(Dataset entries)
(* Let $X$ be a discretely geodesic metric space with $\beta$-stable intervals in which all bounded subsets are finite. Fix $z\in X$ and $\alpha>0$, and let $B$ be the closed ball $B(z,2\alpha\beta)$. Then $|\mathscr C(B)|<\infty$, and (1) every $f\in\mathrm E'(X)$ with $f(z)\le\alpha$ satisfies $\mathrm{rk}(A(f))\le\frac12|\mathscr C(B)|$; (2) for every $f\in\mathrm E'(X)$ with $f(z)\le\alpha$ and $\mathrm{rk}(A(f))=0$ there are at most $2^{|\mathscr C(B)|}$ sets $A\in\mathscr A(X)$ with $A\subset A(f)$ and $\mathrm{rk}(A)=1$.
   Context: $X$ is discretely geodesic if $d$ is integer valued and any $x,y$ are joined by an isometric embedding $\gamma\colon\{0,\dots,d(x,y)\}\to X$ with endpoints $x,y$. $I(x,y)=\{u: d(x,u)+d(u,y)=d(x,y)\}$; $C(x,v)=\{y: v\in I(x,y)\}$; $\beta$-stable intervals: Hausdorff distance of $I(x,y)$ and $I(x,y')$ at most $\beta$ whenever $d(y,y')=1$. $\mathscr C(B)$ is the set of all pointed cones $(v,C(x,v))$ with $v\in B$, $x\in X$. For $f\colon X\to\mathbb R$, $A(f)$ is the set of unordered pairs $\{x,y\}$ ($x=y$ allowed) with $f(x)+f(y)=d(x,y)$; $\Delta(X)=\{f: f(x)+f(y)\ge d(x,y)\ \forall x,y\}$; $\mathrm E'(X)=\{f\in\Delta(X):\bigcup A(f)=X\}$; $\mathscr A(X)=\{A(f): f\in\mathrm E'(X)\}$; $\mathrm{rk}(A)=\dim\{g\in\mathbb R^X: g(x)+g(y)=d(x,y)\ \forall\{x,y\}\in A\}$. *)

From HB Require Import structures.
From mathcomp Require Import all_boot all_order all_algebra.
From mathcomp Require Import all_classical all_reals.
Set Implicit Arguments. Unset Strict Implicit. Unset Printing Implicit Defensive.
Import Order.TTheory GRing.Theory Num.Theory.
Local Open Scope classical_set_scope.
Local Open Scope ring_scope.

Definition is_int_metric (X : Type) (d : X -> X -> nat) : Prop :=
  (forall x y, d x y = 0%N <-> x = y) /\
  (forall x y, d x y = d y x) /\
  (forall x y z, (d x z <= d x y + d y z)%N).

Definition discretely_geodesic (X : Type) (d : X -> X -> nat) : Prop :=
  forall x y, exists g : nat -> X,
    g 0%N = x /\ g (d x y) = y /\
    forall i j, (i <= d x y)%N -> (j <= d x y)%N ->
      d (g i) (g j) = `|(i%:Z - j%:Z)|%N.

Definition bounded_finite (X : Type) (d : X -> X -> nat) : Prop :=
  forall (A : set X), (exists z r, forall x, A x -> (d z x <= r)%N) -> finite_set A.

Definition interval (X : Type) (d : X -> X -> nat) (x y : X) : set X :=
  [set u | (d x u + d u y)%N = d x y].

Definition cone (X : Type) (d : X -> X -> nat) (x v : X) : set X :=
  [set y | interval d x y v].

Definition hausdorff_le (X : Type) (R : realType) (d : X -> X -> nat)
  (A B : set X) (b : R) : Prop :=
  (forall u, A u -> exists u', B u' /\ (d u u')%:R <= b) /\
  (forall u', B u' -> exists u, A u /\ (d u u')%:R <= b).

Definition stable_intervals (X : Type) (R : realType) (d : X -> X -> nat) (b : R) : Prop :=
  forall x y y', d y y' = 1%N -> hausdorff_le d (interval d x y) (interval d x y') b.

Definition cball (X : Type) (R : realType) (d : X -> X -> nat) (z : X) (r : R) : set X :=
  [set x | (d z x)%:R <= r].

Definition pointed_cones (X : Type) (d : X -> X -> nat) (B : set X) : set (X * set X) :=
  [set p | exists v x, B v /\ p = (v, cone d x v)].

(* A(f), represented as the (symmetric) set of ordered pairs (x,y)
   with f x + f y = d x y; the unordered pair {x,y} belongs to A(f)
   iff (x,y) (equivalently (y,x)) belongs to this set. *)
Definition Aset (X : Type) (R : realType) (d : X -> X -> nat) (f : X -> R) : set (X * X) :=
  [set p | f p.1 + f p.2 = (d p.1 p.2)%:R].

Definition Delta (X : Type) (R : realType) (d : X -> X -> nat) : set (X -> R) :=
  [set f | forall x y, (d x y)%:R <= f x + f y].

Definition Eprime (X : Type) (R : realType) (d : X -> X -> nat) : set (X -> R) :=
  [set f | Delta d f /\ forall x, exists y, Aset d f (x, y)].

Definition scriptA (X : Type) (R : realType) (d : X -> X -> nat) : set (set (X * X)) :=
  [set A | exists f, @Eprime X R d f /\ A = Aset d f].

Definition solset (X : Type) (R : realType) (d : X -> X -> nat) (A : set (X * X)) : set (X -> R) :=
  [set g | forall p, A p -> g p.1 + g p.2 = (d p.1 p.2)%:R].

Definition lin_indep (X : Type) (R : realType) (n : nat) (h : 'I_n -> X -> R) : Prop :=
  forall c : 'I_n -> R, (forall x, \sum_(i < n) c i * h i x = 0) -> forall i, c i = 0.

Definition affdim_ge (X : Type) (R : realType) (S : set (X -> R)) (n : nat) : Prop :=
  exists (g0 : X -> R) (g : 'I_n -> X -> R),
    S g0 /\ (forall i, S (g i)) /\ lin_indep (fun i x => g i x - g0 x).

Definition rk_ge (X : Type) (R : realType) (d : X -> X -> nat) (A : set (X * X)) (n : nat) : Prop :=
  affdim_ge (@solset X R d A) n.

Definition rk_eq (X : Type) (R : realType) (d : X -> X -> nat) (A : set (X * X)) (n : nat) : Prop :=
  @rk_ge X R d A n /\ ~ @rk_ge X R d A n.+1.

## What to work on
Could you return exactly the stretch of the data above that starts at the line with "d (g i) (g j)" and ends at the line with "(A B : set X)", both lines included?

## Task output
      d (g i) (g j) = `|(i%:Z - j%:Z)|%N.

Definition bounded_finite (X : Type) (d : X -> X -> nat) : Prop :=
  forall (A : set X), (exists z r, forall x, A x -> (d z x <= r)%N) -> finite_set A.

Definition interval (X : Type) (d : X -> X -> nat) (x y : X) : set X :=
  [set u | (d x u + d u y)%N = d x y].

Definition cone (X : Type) (d : X -> X -> nat) (x v : X) : set X :=
  [set y | interval d x y v].

Definition hausdorff_le (X : Type) (R : realType) (d : X -> X -> nat)
  (A B : set X) (b : R) : Prop :=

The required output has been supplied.